> [Try it]: From the entries below, output the line with "Definition Vhk (N" and each following line up to and including the line with "phi x = sum_f_R0", exactly as written.

> [Exercise inputs]:
(* Let $k=2\kappa+1$ with $\kappa\in\{0,1,2,\dots\}$ and let $v\in C_p^{k+1}$. Then there exists a constant $C>0$, independent of $h$, such that for every $N\ge1$ (with $h=1/N$) $$\max_{1\le i\le N}|(\pi_1v-v)(x_i)|\le C\,h^{k+1}\,\|v^{(k+1)}\|_\infty .$$
   Context: $C_p$ is the space of continuous $1$-periodic real functions, and $C_p^m$ the set of $f\in C_p$ with $f^{(j)}\in C_p$ for $j=1,\dots,m$; $\|\cdot\|_\infty$ is the sup norm. For $N\ge1$, $h=1/N$, $x_i=ih$. $\mathcal{V}_h^k=\{\phi\in C_p:\ \phi|_{[x_{i-1},x_i]}\text{ is a polynomial of degree}\le k,\ i=1,\dots,N\}$. Let $\mathcal{S}_h^2=\{\phi\in\mathcal{V}_h^k:\phi(x_i)=0\ \text{for all } i\}$, $\mathcal{S}_h^1$ its $L^2(0,1)$-orthogonal complement in $\mathcal{V}_h^k$, and $\pi_1$ the $L^2(0,1)$-orthogonal projection onto $\mathcal{S}_h^1$. *)

From Stdlib Require Import Reals ClassicalEpsilon.
From Coquelicot Require Import Coquelicot.
Open Scope R_scope.

Definition Cp (f : R -> R) : Prop :=
  (forall x, continuous f x) /\ (forall x, f (x + 1) = f x).

Definition Cpm (m : nat) (f : R -> R) : Prop :=
  Cp f /\
  forall j : nat, (1 <= j <= m)%nat ->
    (forall x, ex_derive_n f j x) /\ Cp (Derive_n f j).

Definition node (N i : nat) : R := INR i / INR N.

Definition Vhk (N k : nat) (phi : R -> R) : Prop :=
  Cp phi /\
  forall i : nat, (1 <= i <= N)%nat ->
    exists c : nat -> R, forall x, node N (i - 1) <= x <= node N i ->
      phi x = sum_f_R0 (fun j => c j * x ^ j) k.

Definition ip (f g : R -> R) : R := RInt (fun x => f x * g x) 0 1.

Definition Sh2 (N k : nat) (phi : R -> R) : Prop :=
  Vhk N k phi /\ forall i : nat, phi (node N i) = 0.

Definition Sh1 (N k : nat) (psi : R -> R) : Prop :=
  Vhk N k psi /\ forall phi, Sh2 N k phi -> ip psi phi = 0.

> [Response area]:
Definition Vhk (N k : nat) (phi : R -> R) : Prop :=
  Cp phi /\
  forall i : nat, (1 <= i <= N)%nat ->
    exists c : nat -> R, forall x, node N (i - 1) <= x <= node N i ->
      phi x = sum_f_R0 (fun j => c j * x ^ j) k.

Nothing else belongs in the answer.